Bouncing about the 50-Day Average

By seadmin

Have the last couple of weeks of trading been the start of a typical correction, or is it just a short-term pullback? Or, is what we’re seeing the start of the big, bad sell-off everyone fears? I think it’s much too early to tell for certain, but one way to monitor things objectively is to use the 50-day moving average.

The 50-day moving average is a great technical tool that can help you assess the short-term bias of the market. If we look at the chart below of the S&P 500 Index, we see that in January the index fell below its 50-day moving average (blue line) for the first time since November.

During the past week, we’ve seen the S&P 500 move back up toward the 50-day average, indicating that the recent selling in stocks may be over — at least in the very short term. In times like these, when the market is basically bouncing about its 50-day average, it is really important to keep a close eye on this indicator. By doing so, you’ll get a good read on which way this market wants to go.

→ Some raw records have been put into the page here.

Lemma stair_model n (K : {set T}) (a b : nat -> T) c d q :
    0 < n -> is_clique e K ->
    (forall i, i <= n -> a i \in K /\ b i \notin K) ->
    (forall i j, i <= n -> j <= n -> e (b j) (a i) = stair c d i j) ->
    (forall i j, i < j <= n -> e (b i) (b j) = q) ->
  n <= p_A e.
Proof.
move=> n_gt0 /is_cliqueP cK abK ba bb.
have [inj_a inj_b] := stair_injective ba.
have [t [s [r [inj_s inj_r sr_le st]]]] := stair_embedding c d n.
have as_K i : a (s i) \in K by case: (abK _ (sr_le i).1).
have br_K i : b (r i) \notin K by case: (abK _ (sr_le i).2).
apply: (has_A_model_le_p_A n_gt0); apply/has_A_modelP; exists t, q.
apply/induced_subP; exists (fun u => match u with inl i => a (s i) | inr j => b (r j) end).
  move=> [i|i] [j|j] /= eq_ij.
  - by move: eq_ij => /(inj_a _ _ (sr_le i).1 (sr_le j).1) /inj_s ->.
  - by move: (as_K i) (br_K j); rewrite eq_ij => ->.
  - by move: (as_K j) (br_K i); rewrite eq_ij => ->.
  - by move: eq_ij => /(inj_b _ _ (sr_le i).2 (sr_le j).2) /inj_r ->.
move=> [i|i] [j|j] /=.
- have [->|neq_ij] := eqVneq i j; first exact: e_irr.
  apply: cK; rewrite ?as_K //; apply: contra_neq neq_ij.
  by move=> /(inj_a _ _ (sr_le i).1 (sr_le j).1) /inj_s.
- by rewrite e_sym ba ?st ?(sr_le i).1 ?(sr_le j).2.
- by rewrite ba ?st ?(sr_le i).2 ?(sr_le j).1.
- have [->|neq_ij] := eqVneq i j; first by rewrite e_irr andbF.
  have neq_r : r i != r j by rewrite (inj_eq inj_r).
  rewrite andbT; case: (ltngtP (r i) (r j)) => [lt_ij | lt_ji | eq_r].
  + by rewrite bb // lt_ij (sr_le j).2.
  + by rewrite e_sym bb // lt_ji (sr_le i).2.
  + by rewrite eq_r eqxx in neq_r.
Qed.

Lemma omega_tilde_attained : exists2 K, is_maxclique e K & omega_tilde e = nclasses e K.
Proof.
have [K0 mK0 _] : exists2 K0, is_maxclique e K0 & set0 \subset K0.
  by apply: clique_sub_maxclique; apply/is_cliqueP => x y; rewrite inE.
exists [arg max_(K > K0 | is_maxclique e K) nclasses e K]; first by case: arg_maxnP.
exact: bigmax_eq_arg.
Qed.

(* One halving for the pigeonhole on the colours of the ladder, then Ramsey for
   the pairs (b_j, a_i) and for the pairs (b_i, b_j). *)
Definition omega_threshold n := 2 ^ (2 * ramsey_number (ramsey_number n.+1)).

Lemma omega_tilde_large n : 0 < n -> omega_threshold n <= omega_tilde e -> n <= p_A e.
Proof.
move=> n_gt0; have [K mK ->] := omega_tilde_attained => large.
have sepK : {in K &, forall x y, vclass e x != vclass e y ->
    exists2 w, w \in ~: K & e w x != e w y}.
  move=> x y xK yK; rewrite eq_vclass => /(maxclique_separator mK xK yK) [w wK sep].
  by exists w; rewrite ?inE.
have [a [b [c lad]]] := ladder_of_classes sepK large.
have [c0 [d [q [t [t_sorted sz_t tAB t_stair t_hom]]]]] := ladder_stair_subseq lad.
have lt_nth := leqW_mono_in (leq_mono_in (sorted_ltn_nth ltn_trans 0 t_sorted)).
have t_nth i : i <= n -> nth 0 t i \in t by move=> le_i; rewrite mem_nth ?sz_t.
apply: (@stair_model n K (a \o nth 0 t) (b \o nth 0 t) c0 d q n_gt0 (maxclique_clique mK)).
- by move=> i /t_nth /tAB [] /= ->; rewrite inE.
- by move=> i j le_i le_j; rewrite /= t_stair ?t_nth // /stair !lt_nth // inE sz_t.
- move=> i j /andP [lt_ij le_j]; have le_i := ltnW (leq_trans lt_ij le_j).
  by apply: t_hom; rewrite ?t_nth ?lt_nth // inE sz_t.
Qed.

End Graph.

My assessment here is that if this market fails to recapture the 50-day moving average during the next week or two, we could be looking at the possibility of a wider correction. But, if we move above the 50-day moving average in the next week or two, then we will just chalk up the January selling to profit taking and normal corrective action after the huge 2009 market run.

Whatever happens, the 50-day moving average will be the key to understanding the market’s bias, and understanding the ebb and flow of the equity markets is the first step toward making solid investment choices.